(* Write the Sombor weight of an edge whose ends have degrees a and b as
     w(a,b) = w(2,2) + 3/2 sqrt 2 (d(a) + d(b)) + c(a,b),   d(k) = 1 - 2/k.
   Summed over the edges of a graph without isolated vertices, the middle terms give
   3/2 sqrt 2 * sum_v (deg v - 2), which is the constant 3 sqrt 2 for bicyclic graphs.
   Hence SO(G) = 2(n+1) sqrt 2 + 3 sqrt 2 + sum_{i<=j} m_ij c(i,j), where c(2,2) = c(3,3) = 0
   and every other c(i,j) is positive.  The classes beta2, beta3, beta9 have excess
   4 c(2,3) < 6 c(2,3) < c(1,2) + 3 c(2,3) ~ 1.739.  For any other chemical bicyclic graph,
   the degree counts and the identity n3 + 2 n4 = n1 + 2 leave only a few edge patterns,
   each of excess at least 1.745. *)

From mathcomp Require Import all_boot all_order all_algebra.
From mathcomp Require Import ring lra zify.
Import Order.TTheory GRing.Theory Num.Theory.
Set Implicit Arguments. Unset Strict Implicit. Unset Printing Implicit Defensive.

Definition in_class (a b i j : nat) : bool :=
  ((a == i) && (b == j)) || ((a == j) && (b == i)).

Lemma in_classC a b i j : in_class b a i j = in_class a b i j.
Proof. by rewrite /in_class orbC (andbC (a == i)) (andbC (a == j)). Qed.

Lemma card_set_sum (T : finType) (A : {pred T}) (P : pred T) :
  #|[set x in A | P x]| = \sum_(x in A) P x.
Proof.
rewrite -sum1_card big_mkcond [RHS]big_mkcond /=.
by apply: eq_bigr => x _; rewrite !inE; case: (x \in A); case: (P x).
Qed.

Lemma sum_nat_indicator (V : nmodType) (G : nat -> V) lo hi d :
  (lo <= d < hi)%N -> (\sum_(lo <= i < hi) G i *+ (i == d) = G d)%R.
Proof.
move=> d_in; under eq_bigr do rewrite mulrb.
by rewrite -big_mkcond big_nat1_eq d_in.
Qed.

Lemma sum_class_indicator (V : nmodType) (F : nat -> nat -> V) lo hi a b :
  (forall i j, F i j = F j i) -> (lo <= a < hi)%N -> (lo <= b < hi)%N ->
  (\sum_(lo <= i < hi) \sum_(i <= j < hi) F i j *+ in_class a b i j = F a b)%R.
Proof.
move=> F_sym; wlog le_ab : a b / (a <= b)%N => [wlog_ab a_in b_in|a_in b_in].
  have [le_ab|/ltnW le_ba] := leqP a b; first exact: wlog_ab.
  rewrite F_sym -wlog_ab //; apply: eq_bigr => i _; apply: eq_bigr => j _.
  by rewrite in_classC.
have class_ab i j : (i <= j)%N -> in_class a b i j = (i == a) && (j == b).
  by move=> le_ij; rewrite /in_class; apply/idP/idP; lia.
transitivity (\sum_(lo <= i < hi) (\sum_(i <= j < hi) F i j *+ (j == b)) *+ (i == a))%R.
  apply: eq_bigr => i _; rewrite -sumrMnl; apply: eq_big_nat => j /andP[le_ij _].
  by rewrite class_ab // -mulrnA mulnb andbC.
rewrite (sum_nat_indicator _ a_in) sum_nat_indicator //.
by rewrite le_ab; case/andP: b_in.
Qed.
■ ■ ■ ■
Task objective
Return every entry exactly; no line may be missing.

Answer box
(* Write the Sombor weight of an edge whose ends have degrees a and b as
     w(a,b) = w(2,2) + 3/2 sqrt 2 (d(a) + d(b)) + c(a,b),   d(k) = 1 - 2/k.
   Summed over the edges of a graph without isolated vertices, the middle terms give
   3/2 sqrt 2 * sum_v (deg v - 2), which is the constant 3 sqrt 2 for bicyclic graphs.
   Hence SO(G) = 2(n+1) sqrt 2 + 3 sqrt 2 + sum_{i<=j} m_ij c(i,j), where c(2,2) = c(3,3) = 0
   and every other c(i,j) is positive.  The classes beta2, beta3, beta9 have excess
   4 c(2,3) < 6 c(2,3) < c(1,2) + 3 c(2,3) ~ 1.739.  For any other chemical bicyclic graph,
   the degree counts and the identity n3 + 2 n4 = n1 + 2 leave only a few edge patterns,
   each of excess at least 1.745. *)

From mathcomp Require Import all_boot all_order all_algebra.
From mathcomp Require Import ring lra zify.
Import Order.TTheory GRing.Theory Num.Theory.
Set Implicit Arguments. Unset Strict Implicit. Unset Printing Implicit Defensive.

Definition in_class (a b i j : nat) : bool :=
  ((a == i) && (b == j)) || ((a == j) && (b == i)).

Lemma in_classC a b i j : in_class b a i j = in_class a b i j.
Proof. by rewrite /in_class orbC (andbC (a == i)) (andbC (a == j)). Qed.

Lemma card_set_sum (T : finType) (A : {pred T}) (P : pred T) :
  #|[set x in A | P x]| = \sum_(x in A) P x.
Proof.
rewrite -sum1_card big_mkcond [RHS]big_mkcond /=.
by apply: eq_bigr => x _; rewrite !inE; case: (x \in A); case: (P x).
Qed.

Lemma sum_nat_indicator (V : nmodType) (G : nat -> V) lo hi d :
  (lo <= d < hi)%N -> (\sum_(lo <= i < hi) G i *+ (i == d) = G d)%R.
Proof.
move=> d_in; under eq_bigr do rewrite mulrb.
by rewrite -big_mkcond big_nat1_eq d_in.
Qed.

Lemma sum_class_indicator (V : nmodType) (F : nat -> nat -> V) lo hi a b :
  (forall i j, F i j = F j i) -> (lo <= a < hi)%N -> (lo <= b < hi)%N ->
  (\sum_(lo <= i < hi) \sum_(i <= j < hi) F i j *+ in_class a b i j = F a b)%R.
Proof.
move=> F_sym; wlog le_ab : a b / (a <= b)%N => [wlog_ab a_in b_in|a_in b_in].
  have [le_ab|/ltnW le_ba] := leqP a b; first exact: wlog_ab.
  rewrite F_sym -wlog_ab //; apply: eq_bigr => i _; apply: eq_bigr => j _.
  by rewrite in_classC.
have class_ab i j : (i <= j)%N -> in_class a b i j = (i == a) && (j == b).
  by move=> le_ij; rewrite /in_class; apply/idP/idP; lia.
transitivity (\sum_(lo <= i < hi) (\sum_(i <= j < hi) F i j *+ (j == b)) *+ (i == a))%R.
  apply: eq_bigr => i _; rewrite -sumrMnl; apply: eq_big_nat => j /andP[le_ij _].
  by rewrite class_ab // -mulrnA mulnb andbC.
rewrite (sum_nat_indicator _ a_in) sum_nat_indicator //.
by rewrite le_ab; case/andP: b_in.
Qed.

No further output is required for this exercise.